> [Problem description]
Every line containing the word "that" must be pulled from the records.

> [Saved data entries]
(* $E_{range}$ and $E_0$ are learn-incomparable: there is a family of structures that is $E_0$-learnable but not $E_{range}$-learnable, and there is a family of structures that is $E_{range}$-learnable but not $E_0$-learnable (for instance the family of graphs $\{\mathsf{R}_n\oplus\mathsf{I}:n\geq 2\}\cup\{\mathsf{R}\oplus\mathsf{I}\}$).
   Context: All structures are countable, have domain $\mathbb{N}$, are in a finite relational signature, and are identified with their atomic diagrams (elements of $2^{\mathbb{N}}$). A family of structures is a countable set of pairwise nonisomorphic such structures. $\mathrm{LD}(\mathfrak{K})\subseteq 2^{\mathbb{N}}$ is the set of structures with domain $\mathbb{N}$ isomorphic to a member of $\mathfrak{K}$ (subspace topology). For an equivalence relation $E$ on a space $X$, $\mathfrak{K}$ is $E$-learnable if there is a continuous $\Gamma:\mathrm{LD}(\mathfrak{K})\to X$ with $\mathcal{S}\cong\mathcal{S}'\iff\Gamma(\mathcal{S})\,E\,\Gamma(\mathcal{S}')$ for all $\mathcal{S},\mathcal{S}'\in\mathrm{LD}(\mathfrak{K})$. On Baire space $\mathbb{N}^{\mathbb{N}}$: $p\,E_0\,q\iff\exists m\,\forall n\ge m\ p(n)=q(n)$; $p\,E_{range}\,q\iff\{p(m):m\}=\{q(m):m\}$. Graphs are undirected without self-loops. $\mathsf{R}$ is the graph on $\mathbb{N}$ with edges $\{i,i+1\}$; $\mathsf{I}$ is the graph on $\mathbb{N}$ with no edges; for $n\ge2$, $\mathsf{R}_n$ is the graph on $\{0,\dots,n-1\}$ with edges $\{i,i+1\}$, $i<n-1$; $G_0\oplus G_1$ is the disjoint union of graphs (re-indexed to have domain $\mathbb{N}$). *)

From mathcomp Require Import all_boot.
Set Implicit Arguments. Unset Strict Implicit. Unset Printing Implicit Defensive.

(* A finite relational signature: the list of arities of its relation symbols. *)
Definition signature := seq nat.

(* This is exactly the information contained in the atomic diagram. *)
Definition structure (sig : signature) :=
  forall i : 'I_(size sig), (nth 0 sig i).-tuple nat -> bool.

Definition iso (sig : signature) (A B : structure sig) : Prop :=
  exists f g : nat -> nat, cancel f g /\ cancel g f /\
    forall (i : 'I_(size sig)) (t : (nth 0 sig i).-tuple nat),
      A i t = B i (map_tuple f t).

Definition is_family (sig : signature) (K : structure sig -> Prop) : Prop :=
  (exists e : nat -> structure sig, forall A, K A -> exists n, e n = A) /\
  (forall A B, K A -> K B -> iso A B -> A = B).

Definition LD (sig : signature) (K : structure sig -> Prop) (S : structure sig) : Prop :=
  exists A, K A /\ iso S A.

Definition agree_below (sig : signature) (m : nat) (S S' : structure sig) : Prop :=
  forall (i : 'I_(size sig)) (t : (nth 0 sig i).-tuple nat),
    all (fun x => x < m) t -> S i t = S' i t.

(* Continuity of Gamma : LD(K) -> Baire space, LD(K) carrying the subspace
   topology of Cantor space (atomic diagrams): every finite prefix of the
   output is determined by a finite part of the atomic diagram of the input. *)
Definition continuous_on_LD (sig : signature) (K : structure sig -> Prop)
  (Gamma : structure sig -> nat -> nat) : Prop :=
  forall S, LD K S -> forall n, exists m, forall S', LD K S' ->
    agree_below m S S' -> forall k, k < n -> Gamma S k = Gamma S' k.

Definition learnable (E : (nat -> nat) -> (nat -> nat) -> Prop)
  (sig : signature) (K : structure sig -> Prop) : Prop :=
  exists Gamma : structure sig -> nat -> nat,
    continuous_on_LD K Gamma /\
    forall S S', LD K S -> LD K S' -> (iso S S' <-> E (Gamma S) (Gamma S')).

Definition E0 (p q : nat -> nat) : Prop :=
  exists m, forall n, m <= n -> p n = q n.

Definition Erange (p q : nat -> nat) : Prop :=
  forall x, (exists m, p m = x) <-> (exists m, q m = x).

From mathcomp Require Import all_boot zify.
From Stdlib Require Import Classical ClassicalEpsilon.

(* The first family has two structures, each with two binary relations: a
   perfect matching of nat and a matching leaving 0 unmatched, in either order.
   A learner that watches for an unmatched point of the first relation tells
   them apart in the limit; but each of them is a limit of isomorphic copies of
   the other, so a continuous map respecting isomorphism must give both the
   same range of values.
   The second family consists of the unary structures with exactly n marked
   points, together with one with infinitely many marked and unmarked points.
   Counting the marked points below k has as range {0, ..., n} or all of nat.
   Against E0 we diagonalize: a copy of the infinite structure is assembled
   from finite patterns, each extended so that the learner disagrees, beyond
   that pattern, with its value on the infinite structure. *)

(** * Isomorphism and learnability *)

Lemma map_tuple_comp n (t : n.-tuple nat) (f g : nat -> nat) :
  map_tuple g (map_tuple f t) = map_tuple (g \o f) t.
Proof. by apply: val_inj => /=; rewrite map_comp. Qed.

Lemma iso_refl {sig} (A : structure sig) : iso A A.
Proof.
exists id, id; do 2 split=> //; move=> i t.
by congr (A i _); apply: val_inj => /=; rewrite map_id.
Qed.

Lemma iso_sym {sig} {A B : structure sig} : iso A B -> iso B A.
Proof.
case=> f [g [fK [gK AB]]]; exists g, f; do 2 split=> //; move=> i t.
rewrite AB map_tuple_comp; congr (B i _); apply: val_inj => /=.
by rewrite (@eq_map _ _ _ id) ?map_id // => x /=; rewrite gK.
Qed.

Lemma iso_trans {sig} {A B C : structure sig} : iso A B -> iso B C -> iso A C.
Proof.
case=> f1 [g1 [f1K [g1K AB]]] [f2 [g2 [f2K [g2K BC]]]].
exists (f2 \o f1), (g1 \o g2); split; first exact: can_comp.
split; first exact: can_comp.
by move=> i t; rewrite AB BC map_tuple_comp.
Qed.

Definition pullback {sig} (h : nat -> nat) (S : structure sig) : structure sig :=
  fun i t => S i (map_tuple h t).

Lemma iso_pullback {sig} (h h' : nat -> nat) (S : structure sig) :
  cancel h h' -> cancel h' h -> iso (pullback h S) S.
Proof. by move=> hK h'K; exists h, h'. Qed.

Lemma LD_iso {sig} {K : structure sig -> Prop} {S A} : LD K A -> iso S A -> LD K S.
Proof. by case=> B [KB AB] SA; exists B; split=> //; apply: iso_trans AB. Qed.

Lemma agree_below_trans {sig} {m} {A B C : structure sig} :
  agree_below m A B -> agree_below m B C -> agree_below m A C.
Proof. by move=> AB BC i t t_lt; rewrite AB // BC. Qed.

Lemma agree_below_le {sig} {m m'} {A B : structure sig} :
  m' <= m -> agree_below m A B -> agree_below m' A B.
Proof. by move=> le_m'm AB i t /allP t_lt; apply: AB; apply/allP => x /t_lt; lia. Qed.

Lemma learnable_of_iso_invariant {sig} {E : (nat -> nat) -> (nat -> nat) -> Prop}
    {K : structure sig -> Prop} {Gamma : structure sig -> nat -> nat} :
  (forall p q, E p q -> E q p) -> (forall p q r, E p q -> E q r -> E p r) ->
  continuous_on_LD K Gamma ->
  (forall S A, K A -> iso S A -> E (Gamma S) (Gamma A)) ->
  (forall A B, K A -> K B -> E (Gamma A) (Gamma B) -> A = B) ->
  learnable E K.
Proof.
move=> Esym Etrans Gcont Ginv Gsep; exists Gamma; split=> //.
move=> S S' [A [KA SA]] [A' [KA' SA']].
split=> [SS' | ESS'].
  have S'A := iso_trans (iso_sym SS') SA.
  exact: Etrans (Ginv _ _ KA SA) (Esym _ _ (Ginv _ _ KA S'A)).
have AA' : A = A'.
  apply: Gsep => //; apply: (Etrans _ _ _ _ (Ginv _ _ KA' SA')).
  exact: (Etrans _ _ _ (Esym _ _ (Ginv _ _ KA SA)) ESS').
by rewrite -AA' in SA'; apply: iso_trans SA (iso_sym SA').
Qed.

Definition iso_approx {sig} (A B : structure sig) :=
  forall N, exists2 B', iso B' B & agree_below N A B'.

Lemma range_incl_of_iso_approx {sig} {K : structure sig -> Prop}
    {Gamma : structure sig -> nat -> nat} {A B} :
  continuous_on_LD K Gamma ->
  (forall S S', LD K S -> LD K S' -> iso S S' -> Erange (Gamma S) (Gamma S')) ->
  LD K A -> LD K B -> iso_approx A B ->
  forall m, exists m', Gamma B m' = Gamma A m.
Proof.
move=> Gcont Ginv KA KB AB m; have [N GN] := Gcont A KA m.+1.
have [B' B'B AB'] := AB N; have KB' := LD_iso KB B'B.
rewrite (GN B' KB' AB' m (ltnSn m)).
by apply: (Ginv _ _ KB' KB B'B _).1; exists m.
Qed.

Lemma not_Erange_learnable_of_iso_approx {sig} {K : structure sig -> Prop} {A B} :
  LD K A -> LD K B -> ~ iso A B -> iso_approx A B -> iso_approx B A ->
  ~ learnable Erange K.
Proof.
move=> KA KB nAB AB BA [Gamma [Gcont Glearn]].
have Ginv S S' : LD K S -> LD K S' -> iso S S' -> Erange (Gamma S) (Gamma S').
  by move=> KS KS'; apply: (Glearn S S' KS KS').1.
apply: nAB; apply/(Glearn _ _ KA KB) => x; split=> -[m <-].
  exact: range_incl_of_iso_approx Gcont Ginv KA KB AB m.
exact: range_incl_of_iso_approx Gcont Ginv KB KA BA m.
Qed.

Lemma E0_sym p q : E0 p q -> E0 q p.
Proof. by case=> m pq; exists m => n /pq. Qed.

Lemma E0_trans p q r : E0 p q -> E0 q r -> E0 p r.
Proof.
case=> m pq [m' qr]; exists (maxn m m') => n le_n.
by rewrite pq ?qr //; lia.
Qed.

Lemma not_E0_often p q : ~ E0 p q -> forall m, exists2 n, m <= n & p n <> q n.
Proof.
move=> npq m; apply: NNPP => nfar; apply: npq; exists m => n le_mn.
by apply: NNPP => pqn; apply: nfar; exists n.
Qed.

Lemma Erange_sym p q : Erange p q -> Erange q p.
Proof. by move=> pq x; split; apply pq. Qed.

Lemma Erange_trans p q r : Erange p q -> Erange q r -> Erange p r.
Proof. by move=> pq qr x; split=> [/pq/qr | /qr/pq]. Qed.

Definition converges_to (p : nat -> nat) c := exists N, forall k, N <= k -> p k = c.

Lemma converges_to_E0 {p q c} : converges_to p c -> converges_to q c -> E0 p q.
Proof. by case=> N pc [N' qc]; exists (maxn N N') => k le_k; rewrite pc ?qc //; lia. Qed.

Lemma E0_converges_to_eq {p q c d} :
  converges_to p c -> converges_to q d -> E0 p q -> c = d.
Proof.
case=> N pc [N' qd] [m pq]; have k_ge : N <= maxn m (maxn N N') by lia.
by rewrite -(pc _ k_ge) pq ?qd //; lia.
Qed.

(** * A family that is E0-learnable but not Erange-learnable *)

Definition sig1 : signature := [:: 2; 2].

Lemma arity_sig1 (i : 'I_(size sig1)) : nth 0 sig1 i = 2.
Proof. by case: i => [[|[|]]]. Qed.

Lemma size_sig1_tuple (i : 'I_(size sig1)) (t : (nth 0 sig1 i).-tuple nat) : size t = 2.
Proof. by rewrite size_tuple arity_sig1. Qed.

(* [pairing] matches 2k with 2k+1; [shifted_pairing] matches 2k+1 with 2k+2
   and leaves 0 unmatched. *)
Definition pairing x y := (x != y) && (x %/ 2 == y %/ 2).
Definition shifted_pairing x y := (0 < x) && (0 < y) && pairing x.-1 y.-1.

Lemma pairingSS x y : pairing x.+1 y.+1 = shifted_pairing x y.
Proof.
rewrite /shifted_pairing /pairing; apply/idP/idP.
  case/andP => /eqP ne_xy /eqP eq_half.
  by apply/andP; split; [apply/andP; split | apply/andP; split; apply/eqP]; lia.
case/andP => /andP [x_gt0 y_gt0] /andP [/eqP ne_xy /eqP eq_half].
by apply/andP; split; apply/eqP; lia.
Qed.

Lemma shifted_pairingSS x y : shifted_pairing x.+1 y.+1 = pairing x y.
Proof. by []. Qed.

Definition partner x := if odd x then x.-1 else x.+1.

> [Answer box]
(* $E_{range}$ and $E_0$ are learn-incomparable: there is a family of structures that is $E_0$-learnable but not $E_{range}$-learnable, and there is a family of structures that is $E_{range}$-learnable but not $E_0$-learnable (for instance the family of graphs $\{\mathsf{R}_n\oplus\mathsf{I}:n\geq 2\}\cup\{\mathsf{R}\oplus\mathsf{I}\}$).
   A learner that watches for an unmatched point of the first relation tells
   from finite patterns, each extended so that the learner disagrees, beyond
   that pattern, with its value on the infinite structure. *)
(** * A family that is E0-learnable but not Erange-learnable *)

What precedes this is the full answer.